▸ **About this exercise**
Look through the data below, tally the lines where "overline" occurs, and write the total alone.

▸ **Data provided**
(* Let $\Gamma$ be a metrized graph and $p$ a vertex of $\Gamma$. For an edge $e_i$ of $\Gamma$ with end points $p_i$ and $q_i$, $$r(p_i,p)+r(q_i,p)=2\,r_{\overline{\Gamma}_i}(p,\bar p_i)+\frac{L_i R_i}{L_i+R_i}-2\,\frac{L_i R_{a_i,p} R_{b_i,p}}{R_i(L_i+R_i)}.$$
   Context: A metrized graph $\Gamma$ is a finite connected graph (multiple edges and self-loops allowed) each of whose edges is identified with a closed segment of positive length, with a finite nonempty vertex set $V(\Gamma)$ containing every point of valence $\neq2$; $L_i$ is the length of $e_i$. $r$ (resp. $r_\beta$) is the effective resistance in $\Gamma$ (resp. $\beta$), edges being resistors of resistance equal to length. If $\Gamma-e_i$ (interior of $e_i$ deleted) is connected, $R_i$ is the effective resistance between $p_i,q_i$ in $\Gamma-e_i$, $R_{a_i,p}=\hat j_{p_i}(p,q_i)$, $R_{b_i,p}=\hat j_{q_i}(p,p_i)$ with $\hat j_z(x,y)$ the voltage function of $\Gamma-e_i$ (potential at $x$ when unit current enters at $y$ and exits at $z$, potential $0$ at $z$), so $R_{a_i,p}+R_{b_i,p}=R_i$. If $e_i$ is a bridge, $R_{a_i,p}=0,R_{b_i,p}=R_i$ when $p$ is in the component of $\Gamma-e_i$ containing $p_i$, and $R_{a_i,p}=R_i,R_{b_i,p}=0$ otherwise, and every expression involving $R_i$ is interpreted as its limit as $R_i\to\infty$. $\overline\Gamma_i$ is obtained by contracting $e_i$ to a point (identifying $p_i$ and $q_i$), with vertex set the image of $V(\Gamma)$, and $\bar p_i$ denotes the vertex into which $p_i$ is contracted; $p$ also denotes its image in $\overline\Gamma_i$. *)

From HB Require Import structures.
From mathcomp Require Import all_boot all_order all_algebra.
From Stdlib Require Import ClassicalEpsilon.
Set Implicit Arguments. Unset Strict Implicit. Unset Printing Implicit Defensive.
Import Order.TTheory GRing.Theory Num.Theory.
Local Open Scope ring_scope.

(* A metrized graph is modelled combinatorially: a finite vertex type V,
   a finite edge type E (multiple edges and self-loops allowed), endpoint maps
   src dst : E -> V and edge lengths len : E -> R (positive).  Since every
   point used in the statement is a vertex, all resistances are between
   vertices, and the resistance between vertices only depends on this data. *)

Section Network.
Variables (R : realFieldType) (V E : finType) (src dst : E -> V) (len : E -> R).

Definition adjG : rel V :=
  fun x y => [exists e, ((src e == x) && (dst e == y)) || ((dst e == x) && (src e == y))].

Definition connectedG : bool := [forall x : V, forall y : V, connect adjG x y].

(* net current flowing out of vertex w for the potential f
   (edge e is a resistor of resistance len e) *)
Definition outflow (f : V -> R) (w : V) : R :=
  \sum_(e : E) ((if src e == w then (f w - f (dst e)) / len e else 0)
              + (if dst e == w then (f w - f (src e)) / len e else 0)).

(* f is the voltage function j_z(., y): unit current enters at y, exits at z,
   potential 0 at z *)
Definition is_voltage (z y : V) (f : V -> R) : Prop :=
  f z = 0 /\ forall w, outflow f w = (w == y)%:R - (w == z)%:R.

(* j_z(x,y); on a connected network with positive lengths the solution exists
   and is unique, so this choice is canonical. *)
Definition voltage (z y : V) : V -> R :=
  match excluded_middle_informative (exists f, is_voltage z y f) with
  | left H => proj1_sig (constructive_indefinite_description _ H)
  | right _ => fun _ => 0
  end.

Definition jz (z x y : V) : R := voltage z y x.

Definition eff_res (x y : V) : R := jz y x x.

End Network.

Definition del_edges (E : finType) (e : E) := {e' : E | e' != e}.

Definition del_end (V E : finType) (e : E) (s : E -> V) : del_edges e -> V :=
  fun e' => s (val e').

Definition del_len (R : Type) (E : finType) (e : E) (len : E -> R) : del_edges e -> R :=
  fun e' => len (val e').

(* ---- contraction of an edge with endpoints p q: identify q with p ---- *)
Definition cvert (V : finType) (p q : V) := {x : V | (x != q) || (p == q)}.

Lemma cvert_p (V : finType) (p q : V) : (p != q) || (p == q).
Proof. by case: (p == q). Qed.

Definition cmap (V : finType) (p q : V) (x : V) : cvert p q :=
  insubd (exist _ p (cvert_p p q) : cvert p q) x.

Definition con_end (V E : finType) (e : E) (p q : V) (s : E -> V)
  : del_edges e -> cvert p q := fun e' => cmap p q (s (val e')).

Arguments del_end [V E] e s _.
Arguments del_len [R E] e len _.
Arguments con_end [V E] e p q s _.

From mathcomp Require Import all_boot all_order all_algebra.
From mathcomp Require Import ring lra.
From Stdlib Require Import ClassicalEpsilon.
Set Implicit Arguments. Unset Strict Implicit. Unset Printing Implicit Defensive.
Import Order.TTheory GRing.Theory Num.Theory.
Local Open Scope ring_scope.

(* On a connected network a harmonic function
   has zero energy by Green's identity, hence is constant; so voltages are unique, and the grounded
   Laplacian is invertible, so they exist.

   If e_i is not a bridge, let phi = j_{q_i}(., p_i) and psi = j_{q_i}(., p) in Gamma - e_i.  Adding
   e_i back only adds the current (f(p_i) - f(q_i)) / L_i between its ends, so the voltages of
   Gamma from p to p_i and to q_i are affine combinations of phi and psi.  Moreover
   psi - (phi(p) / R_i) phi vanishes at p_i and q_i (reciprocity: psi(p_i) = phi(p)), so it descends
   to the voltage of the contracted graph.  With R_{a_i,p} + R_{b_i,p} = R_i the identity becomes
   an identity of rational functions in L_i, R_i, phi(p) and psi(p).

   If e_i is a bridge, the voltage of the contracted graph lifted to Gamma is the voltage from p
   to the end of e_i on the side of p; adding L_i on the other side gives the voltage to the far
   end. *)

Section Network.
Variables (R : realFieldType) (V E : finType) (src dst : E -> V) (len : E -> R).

---

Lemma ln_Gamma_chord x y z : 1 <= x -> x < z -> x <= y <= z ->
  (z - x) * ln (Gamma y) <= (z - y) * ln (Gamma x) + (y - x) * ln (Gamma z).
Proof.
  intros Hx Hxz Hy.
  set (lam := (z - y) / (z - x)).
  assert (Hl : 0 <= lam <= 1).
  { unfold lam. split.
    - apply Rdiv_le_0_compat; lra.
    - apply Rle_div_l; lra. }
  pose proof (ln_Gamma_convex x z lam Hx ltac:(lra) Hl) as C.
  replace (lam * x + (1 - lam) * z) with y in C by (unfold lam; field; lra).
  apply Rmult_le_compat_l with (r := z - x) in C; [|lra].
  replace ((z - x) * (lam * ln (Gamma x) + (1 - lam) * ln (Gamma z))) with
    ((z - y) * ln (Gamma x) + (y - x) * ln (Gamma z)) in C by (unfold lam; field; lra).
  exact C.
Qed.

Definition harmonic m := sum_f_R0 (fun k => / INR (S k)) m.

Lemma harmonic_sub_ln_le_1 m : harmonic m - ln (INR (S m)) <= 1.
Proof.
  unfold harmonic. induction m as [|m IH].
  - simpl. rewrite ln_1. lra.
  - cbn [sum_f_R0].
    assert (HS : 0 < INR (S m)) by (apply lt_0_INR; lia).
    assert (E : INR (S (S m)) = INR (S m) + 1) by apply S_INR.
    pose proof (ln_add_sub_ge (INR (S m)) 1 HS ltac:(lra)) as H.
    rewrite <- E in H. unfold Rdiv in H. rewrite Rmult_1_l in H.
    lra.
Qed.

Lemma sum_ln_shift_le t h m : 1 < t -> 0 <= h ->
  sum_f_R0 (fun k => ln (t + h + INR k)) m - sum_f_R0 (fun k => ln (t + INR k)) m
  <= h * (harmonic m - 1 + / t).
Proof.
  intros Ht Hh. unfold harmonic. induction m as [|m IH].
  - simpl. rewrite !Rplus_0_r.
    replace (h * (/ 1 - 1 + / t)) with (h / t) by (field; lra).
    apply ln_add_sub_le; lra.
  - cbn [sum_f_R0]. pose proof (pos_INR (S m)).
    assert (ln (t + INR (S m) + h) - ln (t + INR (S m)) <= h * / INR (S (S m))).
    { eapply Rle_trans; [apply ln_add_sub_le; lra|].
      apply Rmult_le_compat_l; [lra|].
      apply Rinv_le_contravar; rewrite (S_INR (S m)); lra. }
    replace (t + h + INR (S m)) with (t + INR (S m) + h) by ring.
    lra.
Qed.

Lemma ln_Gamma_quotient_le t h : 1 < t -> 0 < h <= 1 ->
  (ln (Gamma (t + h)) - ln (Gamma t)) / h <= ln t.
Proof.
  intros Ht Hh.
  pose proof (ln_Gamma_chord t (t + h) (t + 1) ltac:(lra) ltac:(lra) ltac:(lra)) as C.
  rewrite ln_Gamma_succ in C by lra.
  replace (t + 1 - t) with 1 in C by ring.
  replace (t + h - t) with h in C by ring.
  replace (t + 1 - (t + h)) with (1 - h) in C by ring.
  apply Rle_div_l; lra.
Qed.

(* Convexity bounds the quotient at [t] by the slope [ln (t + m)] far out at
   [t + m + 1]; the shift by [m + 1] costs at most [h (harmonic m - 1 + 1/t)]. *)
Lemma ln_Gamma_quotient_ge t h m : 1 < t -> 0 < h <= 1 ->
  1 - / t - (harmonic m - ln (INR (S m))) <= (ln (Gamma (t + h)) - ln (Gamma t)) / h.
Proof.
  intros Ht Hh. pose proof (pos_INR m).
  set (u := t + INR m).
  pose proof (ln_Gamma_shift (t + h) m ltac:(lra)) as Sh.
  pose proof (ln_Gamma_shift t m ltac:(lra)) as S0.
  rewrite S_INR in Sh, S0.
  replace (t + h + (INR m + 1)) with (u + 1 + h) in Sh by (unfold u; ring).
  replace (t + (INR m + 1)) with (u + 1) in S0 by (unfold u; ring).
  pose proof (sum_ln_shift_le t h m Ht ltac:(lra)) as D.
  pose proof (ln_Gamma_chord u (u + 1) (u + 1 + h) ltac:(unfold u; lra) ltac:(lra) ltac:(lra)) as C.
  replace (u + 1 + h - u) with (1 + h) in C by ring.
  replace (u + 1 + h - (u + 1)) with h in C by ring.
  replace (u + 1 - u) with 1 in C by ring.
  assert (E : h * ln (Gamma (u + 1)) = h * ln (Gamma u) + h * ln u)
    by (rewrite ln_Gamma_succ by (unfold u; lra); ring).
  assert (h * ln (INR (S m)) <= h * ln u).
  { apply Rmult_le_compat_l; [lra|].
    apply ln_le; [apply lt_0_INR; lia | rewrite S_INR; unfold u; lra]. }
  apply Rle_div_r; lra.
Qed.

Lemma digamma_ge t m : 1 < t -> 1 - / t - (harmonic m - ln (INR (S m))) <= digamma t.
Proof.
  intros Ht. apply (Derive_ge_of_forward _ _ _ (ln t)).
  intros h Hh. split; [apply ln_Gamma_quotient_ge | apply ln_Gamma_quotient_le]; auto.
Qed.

▸ **Solution to this problem**
2